**Work task**
After finding the line with "gx b * sin a) / sqrt 2" in the entries below, retype exactly each line from there through the line with "Definition in_open_half_plane (gx", including that final line.

**Exercise materials**
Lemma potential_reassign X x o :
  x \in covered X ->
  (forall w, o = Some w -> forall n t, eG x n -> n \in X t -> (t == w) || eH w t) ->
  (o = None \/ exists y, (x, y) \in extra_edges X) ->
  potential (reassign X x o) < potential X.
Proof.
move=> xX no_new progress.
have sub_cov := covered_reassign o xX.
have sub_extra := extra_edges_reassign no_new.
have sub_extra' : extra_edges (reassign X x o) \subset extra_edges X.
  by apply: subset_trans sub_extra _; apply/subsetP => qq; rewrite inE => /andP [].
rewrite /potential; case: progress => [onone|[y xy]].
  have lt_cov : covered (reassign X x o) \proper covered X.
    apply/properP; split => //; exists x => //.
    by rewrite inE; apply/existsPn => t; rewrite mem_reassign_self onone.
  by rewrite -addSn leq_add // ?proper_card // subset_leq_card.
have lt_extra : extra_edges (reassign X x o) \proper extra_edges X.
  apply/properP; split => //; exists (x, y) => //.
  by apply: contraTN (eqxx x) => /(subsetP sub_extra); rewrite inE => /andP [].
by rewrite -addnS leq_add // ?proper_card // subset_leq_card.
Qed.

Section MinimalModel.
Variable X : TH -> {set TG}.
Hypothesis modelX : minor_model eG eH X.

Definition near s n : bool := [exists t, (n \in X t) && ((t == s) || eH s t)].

---

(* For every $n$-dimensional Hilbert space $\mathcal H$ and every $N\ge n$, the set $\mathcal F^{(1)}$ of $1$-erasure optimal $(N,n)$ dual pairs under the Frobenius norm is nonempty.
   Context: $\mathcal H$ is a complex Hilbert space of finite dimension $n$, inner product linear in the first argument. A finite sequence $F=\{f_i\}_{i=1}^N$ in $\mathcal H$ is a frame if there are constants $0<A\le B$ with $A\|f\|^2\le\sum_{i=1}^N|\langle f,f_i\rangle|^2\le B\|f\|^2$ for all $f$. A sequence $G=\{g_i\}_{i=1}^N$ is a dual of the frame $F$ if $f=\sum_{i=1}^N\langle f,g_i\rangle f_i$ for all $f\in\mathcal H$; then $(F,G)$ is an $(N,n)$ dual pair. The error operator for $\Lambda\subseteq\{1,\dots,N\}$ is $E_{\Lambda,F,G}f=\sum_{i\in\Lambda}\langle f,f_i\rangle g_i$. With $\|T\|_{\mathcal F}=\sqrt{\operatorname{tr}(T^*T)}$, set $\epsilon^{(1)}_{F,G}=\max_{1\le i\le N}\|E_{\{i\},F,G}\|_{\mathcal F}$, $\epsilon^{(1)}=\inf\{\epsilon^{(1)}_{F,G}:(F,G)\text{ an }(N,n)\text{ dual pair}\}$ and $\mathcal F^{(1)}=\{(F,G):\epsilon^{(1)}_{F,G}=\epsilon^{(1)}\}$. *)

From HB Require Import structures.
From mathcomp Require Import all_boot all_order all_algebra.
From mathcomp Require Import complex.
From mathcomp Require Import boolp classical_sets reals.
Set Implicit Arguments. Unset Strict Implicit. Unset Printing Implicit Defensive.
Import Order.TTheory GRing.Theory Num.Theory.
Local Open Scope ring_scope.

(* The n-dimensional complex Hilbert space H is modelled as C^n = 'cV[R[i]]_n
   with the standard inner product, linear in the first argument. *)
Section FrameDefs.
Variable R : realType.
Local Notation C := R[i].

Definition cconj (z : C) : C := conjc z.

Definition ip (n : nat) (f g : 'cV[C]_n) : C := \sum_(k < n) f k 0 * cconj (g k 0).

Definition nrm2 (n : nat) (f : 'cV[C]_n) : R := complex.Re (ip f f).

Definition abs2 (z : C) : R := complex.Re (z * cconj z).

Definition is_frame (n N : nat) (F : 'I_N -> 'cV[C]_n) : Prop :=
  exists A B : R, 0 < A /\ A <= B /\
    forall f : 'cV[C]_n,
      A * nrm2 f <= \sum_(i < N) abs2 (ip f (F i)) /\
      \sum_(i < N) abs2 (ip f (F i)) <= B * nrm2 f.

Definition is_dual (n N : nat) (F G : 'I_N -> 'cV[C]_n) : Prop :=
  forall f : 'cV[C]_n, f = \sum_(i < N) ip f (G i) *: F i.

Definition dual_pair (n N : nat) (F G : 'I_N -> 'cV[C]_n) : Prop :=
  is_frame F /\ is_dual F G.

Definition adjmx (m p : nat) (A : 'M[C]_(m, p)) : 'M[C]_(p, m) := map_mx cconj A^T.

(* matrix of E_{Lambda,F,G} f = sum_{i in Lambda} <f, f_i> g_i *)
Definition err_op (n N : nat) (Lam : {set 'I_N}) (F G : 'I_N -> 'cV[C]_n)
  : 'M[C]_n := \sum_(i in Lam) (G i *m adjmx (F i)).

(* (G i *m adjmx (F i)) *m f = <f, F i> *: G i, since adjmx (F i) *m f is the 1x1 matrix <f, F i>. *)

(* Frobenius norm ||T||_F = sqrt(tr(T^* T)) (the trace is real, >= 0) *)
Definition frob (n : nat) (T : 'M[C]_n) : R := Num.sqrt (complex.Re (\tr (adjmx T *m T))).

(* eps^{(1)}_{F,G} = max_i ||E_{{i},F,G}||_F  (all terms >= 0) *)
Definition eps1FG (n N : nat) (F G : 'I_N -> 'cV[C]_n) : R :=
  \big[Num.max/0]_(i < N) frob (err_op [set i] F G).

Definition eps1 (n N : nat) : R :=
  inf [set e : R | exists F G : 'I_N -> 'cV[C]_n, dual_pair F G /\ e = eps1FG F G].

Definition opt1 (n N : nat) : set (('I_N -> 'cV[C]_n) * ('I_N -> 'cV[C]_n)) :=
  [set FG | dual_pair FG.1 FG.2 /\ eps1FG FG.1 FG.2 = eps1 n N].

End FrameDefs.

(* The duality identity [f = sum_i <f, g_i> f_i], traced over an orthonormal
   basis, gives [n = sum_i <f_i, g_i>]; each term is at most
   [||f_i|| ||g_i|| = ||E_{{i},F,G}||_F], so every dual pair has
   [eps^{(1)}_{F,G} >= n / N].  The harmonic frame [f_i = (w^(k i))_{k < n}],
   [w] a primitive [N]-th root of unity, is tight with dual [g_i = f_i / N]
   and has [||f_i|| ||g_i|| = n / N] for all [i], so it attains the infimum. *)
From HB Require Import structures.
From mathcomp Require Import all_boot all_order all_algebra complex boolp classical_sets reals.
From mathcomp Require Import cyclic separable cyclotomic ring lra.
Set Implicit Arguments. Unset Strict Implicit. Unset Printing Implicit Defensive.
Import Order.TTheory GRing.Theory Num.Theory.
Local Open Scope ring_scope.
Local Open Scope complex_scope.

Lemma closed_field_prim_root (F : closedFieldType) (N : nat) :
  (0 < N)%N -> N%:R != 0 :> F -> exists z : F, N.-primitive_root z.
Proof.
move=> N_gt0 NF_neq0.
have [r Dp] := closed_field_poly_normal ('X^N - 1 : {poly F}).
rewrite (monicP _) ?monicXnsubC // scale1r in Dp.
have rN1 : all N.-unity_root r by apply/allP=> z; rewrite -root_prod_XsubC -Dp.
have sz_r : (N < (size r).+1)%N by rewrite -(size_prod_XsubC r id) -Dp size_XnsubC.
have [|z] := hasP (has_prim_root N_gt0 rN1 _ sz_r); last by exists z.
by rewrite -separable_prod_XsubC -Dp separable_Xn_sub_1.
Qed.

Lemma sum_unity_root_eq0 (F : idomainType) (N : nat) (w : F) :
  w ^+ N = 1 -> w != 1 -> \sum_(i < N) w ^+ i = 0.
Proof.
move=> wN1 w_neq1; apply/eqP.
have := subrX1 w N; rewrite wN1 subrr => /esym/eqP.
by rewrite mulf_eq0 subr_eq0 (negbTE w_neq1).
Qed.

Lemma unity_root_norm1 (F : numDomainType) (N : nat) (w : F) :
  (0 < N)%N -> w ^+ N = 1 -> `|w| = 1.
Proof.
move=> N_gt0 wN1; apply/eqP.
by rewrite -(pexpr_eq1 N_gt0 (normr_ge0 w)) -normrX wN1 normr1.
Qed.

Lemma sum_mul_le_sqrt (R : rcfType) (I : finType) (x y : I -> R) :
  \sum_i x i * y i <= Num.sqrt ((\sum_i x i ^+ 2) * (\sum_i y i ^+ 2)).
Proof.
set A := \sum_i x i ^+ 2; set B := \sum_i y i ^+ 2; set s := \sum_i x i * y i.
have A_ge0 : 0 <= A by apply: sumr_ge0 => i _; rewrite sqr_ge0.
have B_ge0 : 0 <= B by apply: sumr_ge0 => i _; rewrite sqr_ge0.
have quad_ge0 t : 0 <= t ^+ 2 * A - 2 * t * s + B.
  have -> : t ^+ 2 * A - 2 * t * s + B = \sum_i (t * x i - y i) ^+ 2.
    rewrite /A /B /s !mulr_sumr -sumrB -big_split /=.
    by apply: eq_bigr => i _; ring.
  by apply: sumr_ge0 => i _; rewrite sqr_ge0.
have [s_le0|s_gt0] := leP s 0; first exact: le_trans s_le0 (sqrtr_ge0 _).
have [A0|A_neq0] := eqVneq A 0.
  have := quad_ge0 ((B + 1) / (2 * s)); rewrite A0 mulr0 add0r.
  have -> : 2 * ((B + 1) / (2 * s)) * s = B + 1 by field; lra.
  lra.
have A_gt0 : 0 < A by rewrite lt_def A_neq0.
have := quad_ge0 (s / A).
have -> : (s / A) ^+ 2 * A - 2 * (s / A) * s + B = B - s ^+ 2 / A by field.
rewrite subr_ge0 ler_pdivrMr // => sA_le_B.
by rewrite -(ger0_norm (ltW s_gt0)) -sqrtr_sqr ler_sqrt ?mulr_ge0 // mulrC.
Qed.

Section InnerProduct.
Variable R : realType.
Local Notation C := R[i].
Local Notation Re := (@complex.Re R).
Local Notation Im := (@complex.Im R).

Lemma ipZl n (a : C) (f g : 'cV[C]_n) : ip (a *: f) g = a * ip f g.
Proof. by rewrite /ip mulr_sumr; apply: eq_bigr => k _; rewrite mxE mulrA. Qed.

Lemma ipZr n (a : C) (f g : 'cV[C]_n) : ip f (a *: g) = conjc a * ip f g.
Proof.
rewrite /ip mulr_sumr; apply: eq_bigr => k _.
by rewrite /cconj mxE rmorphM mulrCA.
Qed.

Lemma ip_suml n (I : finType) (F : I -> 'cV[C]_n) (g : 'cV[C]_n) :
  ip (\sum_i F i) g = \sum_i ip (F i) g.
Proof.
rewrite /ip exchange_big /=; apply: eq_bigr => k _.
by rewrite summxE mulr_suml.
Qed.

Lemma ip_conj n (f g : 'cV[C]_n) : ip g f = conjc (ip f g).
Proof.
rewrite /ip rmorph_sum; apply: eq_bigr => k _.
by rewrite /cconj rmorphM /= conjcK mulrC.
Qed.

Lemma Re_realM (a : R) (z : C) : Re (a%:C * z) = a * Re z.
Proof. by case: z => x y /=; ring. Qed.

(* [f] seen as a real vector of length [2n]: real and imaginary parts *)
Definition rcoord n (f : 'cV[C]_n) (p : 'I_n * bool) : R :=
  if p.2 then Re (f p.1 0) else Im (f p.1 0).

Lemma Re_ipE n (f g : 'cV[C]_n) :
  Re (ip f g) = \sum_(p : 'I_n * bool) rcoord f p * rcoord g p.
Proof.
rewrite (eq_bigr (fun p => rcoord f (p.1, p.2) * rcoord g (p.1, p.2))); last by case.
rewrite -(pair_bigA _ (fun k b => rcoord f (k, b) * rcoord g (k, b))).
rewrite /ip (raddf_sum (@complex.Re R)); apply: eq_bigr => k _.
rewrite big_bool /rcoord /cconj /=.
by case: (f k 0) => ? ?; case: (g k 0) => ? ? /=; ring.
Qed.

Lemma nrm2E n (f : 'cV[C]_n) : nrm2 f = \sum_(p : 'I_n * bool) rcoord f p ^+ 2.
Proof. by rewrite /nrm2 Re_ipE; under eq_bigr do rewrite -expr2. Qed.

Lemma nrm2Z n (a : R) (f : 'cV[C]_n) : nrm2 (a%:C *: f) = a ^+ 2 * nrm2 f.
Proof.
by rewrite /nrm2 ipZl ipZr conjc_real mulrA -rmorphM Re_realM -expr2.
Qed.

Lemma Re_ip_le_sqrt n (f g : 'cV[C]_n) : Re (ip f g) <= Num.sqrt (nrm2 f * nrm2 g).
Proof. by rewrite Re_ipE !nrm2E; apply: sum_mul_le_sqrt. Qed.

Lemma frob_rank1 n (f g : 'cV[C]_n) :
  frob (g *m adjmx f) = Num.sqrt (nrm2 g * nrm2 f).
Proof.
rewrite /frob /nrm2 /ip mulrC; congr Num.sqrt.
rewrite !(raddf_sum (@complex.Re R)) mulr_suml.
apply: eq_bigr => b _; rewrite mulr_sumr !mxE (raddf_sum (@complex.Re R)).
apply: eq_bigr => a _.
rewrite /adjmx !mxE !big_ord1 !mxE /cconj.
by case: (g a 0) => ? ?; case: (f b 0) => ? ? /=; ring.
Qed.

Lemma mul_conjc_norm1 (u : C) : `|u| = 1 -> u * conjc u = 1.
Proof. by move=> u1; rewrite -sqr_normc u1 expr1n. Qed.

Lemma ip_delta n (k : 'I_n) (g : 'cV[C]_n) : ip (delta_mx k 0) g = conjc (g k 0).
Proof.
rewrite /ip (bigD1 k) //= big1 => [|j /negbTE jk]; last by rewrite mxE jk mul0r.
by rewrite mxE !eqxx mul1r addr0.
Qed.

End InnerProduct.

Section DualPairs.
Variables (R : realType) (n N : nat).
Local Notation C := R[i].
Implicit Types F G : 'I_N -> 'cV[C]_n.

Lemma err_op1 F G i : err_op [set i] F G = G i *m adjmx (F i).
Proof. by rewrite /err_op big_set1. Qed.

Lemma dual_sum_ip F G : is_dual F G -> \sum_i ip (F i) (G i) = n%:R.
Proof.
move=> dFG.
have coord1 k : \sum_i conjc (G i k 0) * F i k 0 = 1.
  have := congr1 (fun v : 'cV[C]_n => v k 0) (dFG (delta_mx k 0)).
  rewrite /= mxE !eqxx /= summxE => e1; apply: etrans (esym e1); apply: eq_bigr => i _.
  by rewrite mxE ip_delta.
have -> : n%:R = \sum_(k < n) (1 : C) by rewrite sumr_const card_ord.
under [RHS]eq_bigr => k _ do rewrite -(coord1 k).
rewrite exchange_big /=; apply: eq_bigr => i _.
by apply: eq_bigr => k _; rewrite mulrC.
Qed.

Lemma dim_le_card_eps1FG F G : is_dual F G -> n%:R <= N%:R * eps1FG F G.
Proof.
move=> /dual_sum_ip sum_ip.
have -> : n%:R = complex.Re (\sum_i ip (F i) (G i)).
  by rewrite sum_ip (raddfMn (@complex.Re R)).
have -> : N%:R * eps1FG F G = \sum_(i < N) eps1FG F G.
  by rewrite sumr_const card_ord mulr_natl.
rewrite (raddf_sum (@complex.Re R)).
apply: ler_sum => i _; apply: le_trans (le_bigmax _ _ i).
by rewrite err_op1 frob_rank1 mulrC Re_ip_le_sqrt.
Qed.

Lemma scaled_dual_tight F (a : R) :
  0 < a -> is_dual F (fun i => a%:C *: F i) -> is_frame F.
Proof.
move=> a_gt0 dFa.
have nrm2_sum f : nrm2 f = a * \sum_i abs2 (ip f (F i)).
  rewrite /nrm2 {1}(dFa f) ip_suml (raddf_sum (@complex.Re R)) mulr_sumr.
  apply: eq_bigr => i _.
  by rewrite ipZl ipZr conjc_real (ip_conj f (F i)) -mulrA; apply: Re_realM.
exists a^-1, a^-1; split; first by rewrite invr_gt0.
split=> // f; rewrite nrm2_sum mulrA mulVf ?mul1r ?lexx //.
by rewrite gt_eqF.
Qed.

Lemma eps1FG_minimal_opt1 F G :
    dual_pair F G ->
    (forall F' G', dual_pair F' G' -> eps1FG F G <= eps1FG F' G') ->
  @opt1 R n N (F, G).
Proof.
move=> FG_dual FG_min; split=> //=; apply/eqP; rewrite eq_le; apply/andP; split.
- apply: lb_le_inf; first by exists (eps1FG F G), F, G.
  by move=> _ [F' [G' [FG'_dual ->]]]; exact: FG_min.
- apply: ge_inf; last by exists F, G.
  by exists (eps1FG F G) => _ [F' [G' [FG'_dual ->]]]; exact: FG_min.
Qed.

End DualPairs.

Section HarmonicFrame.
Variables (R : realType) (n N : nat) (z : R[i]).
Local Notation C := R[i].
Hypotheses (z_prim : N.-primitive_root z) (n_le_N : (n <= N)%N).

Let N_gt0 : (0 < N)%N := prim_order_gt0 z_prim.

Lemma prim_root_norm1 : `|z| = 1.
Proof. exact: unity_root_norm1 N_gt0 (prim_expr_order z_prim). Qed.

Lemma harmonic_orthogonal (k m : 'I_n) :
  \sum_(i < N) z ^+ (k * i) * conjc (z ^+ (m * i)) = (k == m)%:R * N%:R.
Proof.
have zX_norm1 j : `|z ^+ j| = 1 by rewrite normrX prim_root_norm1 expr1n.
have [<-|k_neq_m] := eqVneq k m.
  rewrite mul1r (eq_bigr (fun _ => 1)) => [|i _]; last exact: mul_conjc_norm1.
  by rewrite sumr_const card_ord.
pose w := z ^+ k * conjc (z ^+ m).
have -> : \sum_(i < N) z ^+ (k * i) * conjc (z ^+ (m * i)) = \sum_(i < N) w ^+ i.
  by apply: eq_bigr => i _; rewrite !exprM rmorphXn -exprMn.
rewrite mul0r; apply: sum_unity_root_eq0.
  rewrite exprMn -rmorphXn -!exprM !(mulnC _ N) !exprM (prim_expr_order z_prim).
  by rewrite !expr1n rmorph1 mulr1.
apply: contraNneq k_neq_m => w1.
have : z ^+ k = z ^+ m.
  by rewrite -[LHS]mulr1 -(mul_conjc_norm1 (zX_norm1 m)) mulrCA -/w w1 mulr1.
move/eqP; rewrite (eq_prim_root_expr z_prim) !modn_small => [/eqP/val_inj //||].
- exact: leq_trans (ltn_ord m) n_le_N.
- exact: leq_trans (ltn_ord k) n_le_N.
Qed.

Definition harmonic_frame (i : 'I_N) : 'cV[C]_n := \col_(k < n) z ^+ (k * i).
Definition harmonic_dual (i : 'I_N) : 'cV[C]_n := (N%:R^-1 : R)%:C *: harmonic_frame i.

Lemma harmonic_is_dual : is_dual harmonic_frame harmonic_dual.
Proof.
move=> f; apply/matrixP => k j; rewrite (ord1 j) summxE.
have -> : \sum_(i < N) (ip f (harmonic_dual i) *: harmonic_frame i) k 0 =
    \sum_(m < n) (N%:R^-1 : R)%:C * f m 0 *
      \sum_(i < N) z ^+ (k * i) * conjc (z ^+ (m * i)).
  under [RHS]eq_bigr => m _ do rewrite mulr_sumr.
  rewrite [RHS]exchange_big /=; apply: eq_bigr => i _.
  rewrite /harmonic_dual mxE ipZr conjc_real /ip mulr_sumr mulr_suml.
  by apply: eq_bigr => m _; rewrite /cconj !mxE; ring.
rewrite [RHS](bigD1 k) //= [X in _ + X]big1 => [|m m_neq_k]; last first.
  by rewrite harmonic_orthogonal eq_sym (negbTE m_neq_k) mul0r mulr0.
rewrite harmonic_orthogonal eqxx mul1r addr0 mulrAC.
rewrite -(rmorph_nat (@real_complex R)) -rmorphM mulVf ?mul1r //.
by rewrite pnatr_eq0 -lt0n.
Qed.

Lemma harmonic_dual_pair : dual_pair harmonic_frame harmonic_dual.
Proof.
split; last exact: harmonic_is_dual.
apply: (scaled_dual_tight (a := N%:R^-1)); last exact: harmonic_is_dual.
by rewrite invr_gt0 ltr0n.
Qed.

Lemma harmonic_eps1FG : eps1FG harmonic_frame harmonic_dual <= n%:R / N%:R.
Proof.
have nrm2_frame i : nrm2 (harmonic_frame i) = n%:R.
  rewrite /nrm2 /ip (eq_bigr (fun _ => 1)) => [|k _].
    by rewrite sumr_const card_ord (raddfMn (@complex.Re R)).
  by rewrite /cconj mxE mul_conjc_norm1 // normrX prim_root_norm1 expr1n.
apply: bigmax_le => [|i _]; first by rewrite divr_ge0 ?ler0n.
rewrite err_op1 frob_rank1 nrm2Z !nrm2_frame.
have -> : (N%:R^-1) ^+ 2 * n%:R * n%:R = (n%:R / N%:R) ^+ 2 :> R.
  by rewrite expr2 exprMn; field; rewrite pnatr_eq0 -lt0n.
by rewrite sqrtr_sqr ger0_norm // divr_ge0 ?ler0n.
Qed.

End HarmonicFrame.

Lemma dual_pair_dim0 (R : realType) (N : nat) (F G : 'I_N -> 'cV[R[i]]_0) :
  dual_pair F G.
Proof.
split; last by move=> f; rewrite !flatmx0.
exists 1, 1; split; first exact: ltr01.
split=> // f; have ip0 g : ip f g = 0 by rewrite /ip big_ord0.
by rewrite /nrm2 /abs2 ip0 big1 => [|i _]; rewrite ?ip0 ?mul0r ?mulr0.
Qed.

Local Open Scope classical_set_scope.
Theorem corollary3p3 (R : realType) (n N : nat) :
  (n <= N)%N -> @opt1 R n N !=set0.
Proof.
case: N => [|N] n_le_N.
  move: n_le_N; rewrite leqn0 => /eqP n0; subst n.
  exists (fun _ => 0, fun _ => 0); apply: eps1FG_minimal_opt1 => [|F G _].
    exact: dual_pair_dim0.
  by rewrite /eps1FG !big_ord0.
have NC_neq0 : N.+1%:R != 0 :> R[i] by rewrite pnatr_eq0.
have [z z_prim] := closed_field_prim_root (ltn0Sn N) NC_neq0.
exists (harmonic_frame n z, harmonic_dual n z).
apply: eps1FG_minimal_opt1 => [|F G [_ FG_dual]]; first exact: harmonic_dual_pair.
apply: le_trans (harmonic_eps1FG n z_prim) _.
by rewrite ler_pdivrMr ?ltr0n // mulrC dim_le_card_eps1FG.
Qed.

* * *

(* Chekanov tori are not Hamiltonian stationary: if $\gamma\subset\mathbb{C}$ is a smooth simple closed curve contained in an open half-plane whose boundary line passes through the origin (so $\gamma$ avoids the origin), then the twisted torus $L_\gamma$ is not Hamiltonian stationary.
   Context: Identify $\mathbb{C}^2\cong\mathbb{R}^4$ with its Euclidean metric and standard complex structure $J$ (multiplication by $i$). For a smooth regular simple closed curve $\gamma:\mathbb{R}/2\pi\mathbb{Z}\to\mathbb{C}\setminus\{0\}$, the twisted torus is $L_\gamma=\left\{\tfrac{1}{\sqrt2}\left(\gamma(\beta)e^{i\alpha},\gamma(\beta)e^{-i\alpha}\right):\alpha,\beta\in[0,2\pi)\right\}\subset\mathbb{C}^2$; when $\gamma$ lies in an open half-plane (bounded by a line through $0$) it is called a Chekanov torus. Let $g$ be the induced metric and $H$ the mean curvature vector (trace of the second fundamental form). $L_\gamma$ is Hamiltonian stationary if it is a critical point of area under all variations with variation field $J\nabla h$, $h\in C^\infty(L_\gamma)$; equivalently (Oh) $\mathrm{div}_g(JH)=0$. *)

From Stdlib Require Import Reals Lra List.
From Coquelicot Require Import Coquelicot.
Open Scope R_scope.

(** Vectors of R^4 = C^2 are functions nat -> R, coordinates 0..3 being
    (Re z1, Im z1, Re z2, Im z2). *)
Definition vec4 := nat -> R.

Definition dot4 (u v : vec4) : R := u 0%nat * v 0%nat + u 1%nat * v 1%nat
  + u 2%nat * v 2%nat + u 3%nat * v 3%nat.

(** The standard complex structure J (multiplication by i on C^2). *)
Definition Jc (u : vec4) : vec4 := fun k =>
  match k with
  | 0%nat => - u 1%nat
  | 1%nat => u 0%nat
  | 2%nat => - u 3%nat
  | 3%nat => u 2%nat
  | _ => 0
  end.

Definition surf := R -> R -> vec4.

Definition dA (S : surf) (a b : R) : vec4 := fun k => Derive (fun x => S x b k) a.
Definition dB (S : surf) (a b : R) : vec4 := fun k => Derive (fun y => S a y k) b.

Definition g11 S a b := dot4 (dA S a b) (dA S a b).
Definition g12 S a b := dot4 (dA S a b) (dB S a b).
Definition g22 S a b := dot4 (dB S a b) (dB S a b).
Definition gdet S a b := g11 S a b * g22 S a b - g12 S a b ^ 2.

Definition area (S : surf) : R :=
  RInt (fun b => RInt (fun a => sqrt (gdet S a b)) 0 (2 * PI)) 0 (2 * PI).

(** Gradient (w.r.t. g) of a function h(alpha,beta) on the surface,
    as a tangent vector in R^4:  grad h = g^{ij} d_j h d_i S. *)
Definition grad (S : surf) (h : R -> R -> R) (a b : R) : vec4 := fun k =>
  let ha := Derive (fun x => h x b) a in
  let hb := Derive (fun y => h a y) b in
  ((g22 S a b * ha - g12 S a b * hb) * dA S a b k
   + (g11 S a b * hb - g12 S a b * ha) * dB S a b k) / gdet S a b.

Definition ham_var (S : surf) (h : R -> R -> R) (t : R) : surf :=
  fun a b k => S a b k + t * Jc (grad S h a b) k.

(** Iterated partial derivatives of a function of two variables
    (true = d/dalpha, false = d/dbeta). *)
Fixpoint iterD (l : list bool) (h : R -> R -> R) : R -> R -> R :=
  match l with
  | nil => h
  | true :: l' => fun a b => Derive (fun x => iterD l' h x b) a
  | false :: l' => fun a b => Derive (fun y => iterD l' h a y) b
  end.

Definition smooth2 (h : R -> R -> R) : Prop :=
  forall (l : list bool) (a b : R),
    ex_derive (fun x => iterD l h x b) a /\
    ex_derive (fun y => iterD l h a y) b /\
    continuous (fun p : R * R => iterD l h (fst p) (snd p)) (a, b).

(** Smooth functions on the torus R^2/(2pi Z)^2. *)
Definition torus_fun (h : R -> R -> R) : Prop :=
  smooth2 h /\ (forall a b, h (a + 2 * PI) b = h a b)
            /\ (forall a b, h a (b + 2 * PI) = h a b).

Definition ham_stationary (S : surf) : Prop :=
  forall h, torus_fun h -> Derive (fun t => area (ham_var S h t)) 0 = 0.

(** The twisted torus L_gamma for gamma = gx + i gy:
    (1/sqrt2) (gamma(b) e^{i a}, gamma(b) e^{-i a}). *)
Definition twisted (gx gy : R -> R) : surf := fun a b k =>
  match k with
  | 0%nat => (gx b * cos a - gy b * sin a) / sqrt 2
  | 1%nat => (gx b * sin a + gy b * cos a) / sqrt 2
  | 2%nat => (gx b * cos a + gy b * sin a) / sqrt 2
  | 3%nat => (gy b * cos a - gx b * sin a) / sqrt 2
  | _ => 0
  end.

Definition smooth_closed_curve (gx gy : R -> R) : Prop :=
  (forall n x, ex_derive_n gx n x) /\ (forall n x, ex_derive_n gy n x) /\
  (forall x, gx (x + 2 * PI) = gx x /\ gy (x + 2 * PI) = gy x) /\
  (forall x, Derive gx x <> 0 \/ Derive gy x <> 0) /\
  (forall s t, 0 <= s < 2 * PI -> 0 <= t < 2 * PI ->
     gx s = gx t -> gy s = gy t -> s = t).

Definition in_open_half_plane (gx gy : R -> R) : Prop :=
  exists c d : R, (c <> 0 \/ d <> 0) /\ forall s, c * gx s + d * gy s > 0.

**Result for this task**
  | 3%nat => (gy b * cos a - gx b * sin a) / sqrt 2
  | _ => 0
  end.

Definition smooth_closed_curve (gx gy : R -> R) : Prop :=
  (forall n x, ex_derive_n gx n x) /\ (forall n x, ex_derive_n gy n x) /\
  (forall x, gx (x + 2 * PI) = gx x /\ gy (x + 2 * PI) = gy x) /\
  (forall x, Derive gx x <> 0 \/ Derive gy x <> 0) /\
  (forall s t, 0 <= s < 2 * PI -> 0 <= t < 2 * PI ->
     gx s = gx t -> gy s = gy t -> s = t).

Definition in_open_half_plane (gx gy : R -> R) : Prop :=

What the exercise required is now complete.